The machine learning method can overcome the shortcomings of traditional detection methods that cannot judge the exact fault type. It can use process data to learn the fault mode features and directly judge the fault model to realize the fault identification [11]. Support vector machine (SVM) as a typical machine learning method has increased attention in fault diagnosis of the batch process because it can obtain remarkable results [12]. Ji et al. [13] put forward an algorithm based on ensemble empirical mode decomposition and support vector machine in the sensor fault detection and classification. However, SVM belongs to the shallow network in structure, which limits the classifier’s ability to learn the complex nonlinear and non-stationary relationships contained signals.
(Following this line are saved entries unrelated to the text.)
Lemma chi_comb (J : eqType) (r : seq J) (c : J -> R) (Q : J -> set pt) :
  (forall k, k \in r -> convex_pts (Q k) /\ compact (Q k : set (ptopo R I))) ->
  chi (fun y => \sum_(k <- r) c k * iv (Q k y)) =
  \sum_(k <- r) c k * iv (exists y, Q k y).
Proof.
move=> cc; rewrite /chi chiL_comb ?enum_uniq // => [|k kr]; last first.
  by have [cvx cpt] := cc k kr; exact: convex_compact_fibres.
apply: eq_bigr => k _; congr (_ * _); apply: iv_iff.
by split=> [[y Qy _]|[y Qy]]; [exists y|exists y => // j; rewrite mem_enum].
Qed.

Definition comb (s : seq (R * set pt)) : pt -> R :=
  fun x => \sum_(cP <- s) cP.1 * indic cP.2 x.

Definition coef (g : pt -> R) (A : {set I}) (ab : R * R) : R :=
  chi (fun y => g y * iv (slab A ab.1 ab.2 y))
  - rlim (fun s => chi (fun y => g y * iv (slab A s ab.2 y))) ab.1.

Definition hatT (g : pt -> R) : Ralg R :=
  \sum_(A : {set I}) fsum (fun ab : R * R =>
      coef g A ab *: mon #|A| #|~: A| ab.1 (ab.2 - ab.1)).

Lemma chi_comb_slab (r : seq (R * set pt)) A a b : (forall k, k \in r -> is_GP k.2) ->
  chi (fun y => comb r y * iv (slab A a b y)) =
  \sum_(k <- r) k.1 * iv (a <= mu k.2 A /\ b = mu k.2 full).
Proof.
move=> gp.
rewrite (@eq_fun _ _ _ (fun y => \sum_(k <- r) k.1 * iv (k.2 y /\ slab A a b y)));
  last by move=> y; rewrite /comb mulr_suml; apply: eq_bigr => k _; rewrite ivM mulrA.
rewrite chi_comb => [|k kr].
  apply: eq_big_seq => k kr; congr (_ * _).
  by apply: iv_iff; exact: slab_meets_iff (gp k kr).
have [z [_ [_ ->]]] := gp k kr.
split; first exact: (convex_ptsI (@base_polytope_convex R I z) (@slab_convex R I A a b)).
exact: compact_closedI (@base_polytope_compact R I z) (@slab_closed R I A a b).
Qed.

Lemma coef_comb (r : seq (R * set pt)) A ab : (forall k, k \in r -> is_GP k.2) ->
  coef (comb r) A ab = \sum_(k <- r) k.1 * iv (ab = (mu k.2 A, mu k.2 full)).
Proof.
case: ab => a b gp; rewrite /coef chi_comb_slab //=.
rewrite (@rlimE _ _ _ (\sum_(k <- r) k.1 * (iv (a < mu k.2 A) * iv (b = mu k.2 full)))).
  rewrite -sumrB; apply: eq_bigr => k _; rewrite ivM -mulrBr -mulrBl halfline_jump -ivM.
  by congr (_ * _); apply: iv_iff; split=> [[-> ->]|[-> ->]].
apply: filterS (near_sum (r := r) _) => [s <-|k _]; first by rewrite chi_comb_slab.
by apply: filterS (halfline_near (mu k.2 A) a) => s near_s /=; rewrite ivM near_s.
Qed.

Lemma fsum_coef (r : seq (R * set pt)) A : (forall k, k \in r -> is_GP k.2) ->
  fsum (fun ab : R * R => coef (comb r) A ab *: mon #|A| #|~: A| ab.1 (ab.2 - ab.1)) =
  \sum_(k <- r) k.1 *: mon #|A| #|~: A| (mu k.2 A) (mu k.2 full - mu k.2 A).
Proof.
move=> gp; rewrite (@eq_fun _ _ _ (fun ab : R * R => \sum_(k <- r)
    (k.1 * iv (ab = (mu k.2 A, mu k.2 full))) *: mon #|A| #|~: A| ab.1 (ab.2 - ab.1)));
  last by move=> ab; rewrite coef_comb // scaler_suml.
have off_p (k : R * set pt) (ab : R * R) : ab != (mu k.2 A, mu k.2 full) ->
    (k.1 * iv (ab = (mu k.2 A, mu k.2 full))) *: mon #|A| #|~: A| ab.1 (ab.2 - ab.1) = 0.
  by move=> /eqP ne; rewrite ivF // mulr0 scale0r.
rewrite fsum_sum => [|k _]; last first.
  by exists [:: (mu k.2 A, mu k.2 full)] => ab; rewrite mem_seq1; exact: off_p.
by apply: eq_bigr => k _; rewrite (fsum_point (off_p k)) (ivT erefl) mulr1.
Qed.

Lemma hatT_comb (r : seq (R * set pt)) : (forall k, k \in r -> is_GP k.2) ->
  hatT (comb r) = \sum_(k <- r) k.1 *: tutte k.2.
Proof.
move=> gp; rewrite /hatT (eq_bigr _ (fun A _ => fsum_coef A gp)) exchange_big.
by apply: eq_bigr => k _; rewrite /tutte scaler_sumr.
Qed.

Lemma hatT_add (s1 s2 : seq (R * set pt)) :
  (forall k, k \in s1 -> is_GP k.2) -> (forall k, k \in s2 -> is_GP k.2) ->
  hatT (fun x => comb s1 x + comb s2 x) = hatT (comb s1) + hatT (comb s2).
Proof.
move=> gp1 gp2; have -> : (fun x => comb s1 x + comb s2 x) = comb (s1 ++ s2).
  by apply: funext => x; rewrite /comb big_cat.
rewrite !hatT_comb ?big_cat // => k; rewrite mem_cat => /orP [/gp1|/gp2] //.
Qed.

Lemma hatT_scale (c : R) (s : seq (R * set pt)) : (forall k, k \in s -> is_GP k.2) ->
  hatT (fun x => c * comb s x) = c *: hatT (comb s).
Proof.
move=> gp; have -> : (fun x => c * comb s x) = comb [seq (c * k.1, k.2) | k <- s].
  by apply: funext => x; rewrite /comb big_map mulr_sumr; apply: eq_bigr => k _; rewrite mulrA.
rewrite (hatT_comb gp) hatT_comb => [|_ /mapP [k ks ->]]; last exact: gp k ks.
by rewrite big_map scaler_sumr; apply: eq_bigr => k _; rewrite scalerA.
Qed.

Lemma hatT_indic (P : set pt) : is_GP P -> tutte P = hatT (indic P).
Proof.
move=> gp; have -> : indic P = comb [:: (1, P)].
  by apply: funext => x; rewrite /comb big_seq1 mul1r.
by rewrite hatT_comb ?big_seq1 ?scale1r // => k; rewrite mem_seq1 => /eqP ->.
Qed.

End TutteValuation.

Theorem theorem6p4 (R : realType) (I : finType) :
  strong_valuation (@tutte R I).
Proof.
exists (@hatT R I); split; [|split].
- by move=> _ _ [s1 [gp1 ->]] [s2 [gp2 ->]]; exact: hatT_add.
- by move=> c _ [s [gp ->]]; exact: hatT_scale.
- exact: hatT_indic.
Qed.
With developing computing power and algorithms, many deep learning technologies have marched rapidly [14]. Novel convolutional neural networks (CNN) [15], recurrent neural networks (RNN) [16], long short-term memory (LSTM) [16], and other deep neural network methods are growing fast. It can be seen that the deep learning methods have a precedent in the application of batch process fault diagnosis. Wang and Wang [17] introduced LSTM to perform feature learning to obtain the deep feature expression of the data and realized the fault diagnosis of batch process. Zhang et al. [18] established a weighted autoregressive LSTM network to extract in-deep features and realize effective fault diagnosis in the TE process. Despite the progress made by state-of-the-art methods on intelligent fault diagnosis, the focus of incipient fault diagnosis in the batch process is how to obtain the effective characteristics of the data; the deep neural network still suffers from the following three limitations:

  1. (1)

    The incipient faults have low amplitude and are susceptible to noise interference, and are easily concealed by noise when processing with machine learning methods.

  2. (2)

    The data of batch process present the characteristics of nonlinearity, high-dimensionality, and mutual coupling of various variables, which can be regarded as a multivariate time series. Traditional machine learning methods cannot effectively obtain in-deep characteristics.

  3. (3)

    Traditional deep neural network models, such as original LSTM, do not sufficiently and properly handle the incipient faults information inherent in batch process data.

In this paper, we propose an intelligent incipient fault diagnosis model based on the deep time series feature extraction network. Firstly, denoising autoencoder (DAE), layer normalization and dropout layer added between the layers of the LSTM (LD-LSTM), and stacked autoencoder (SAE) are integrated to obtain the efficient features. Then, the softmax function is applied to achieve the incipient fault diagnosis based on the deep time series features. Finally, a fed-batch penicillin fermentation process is utilized to compare and analyze the accuracy of different diagnosis models according to five evaluation metrics most used in fault diagnosis fields. The main contributions of this paper are summarized as follows:

  1. (1)

    An interpretable data-driven incipient fault diagnosis model is proposed based on deep time series feature extraction network, which integrates DAE, LD-LSTM, and SAE to obtain the efficient features of batch process time series data.

  2. (2)

    For solving the problems of slow model convergence and over-fitting, layer normalization and dropout layers are added between the layers of the LSTM (LD-LSTM) to improve the performance.

  3. (3)

    The proposed incipient fault diagnosis model tends to obtain better fault diagnosis accuracy and achieves more stable results in the batch process when compared to several other models.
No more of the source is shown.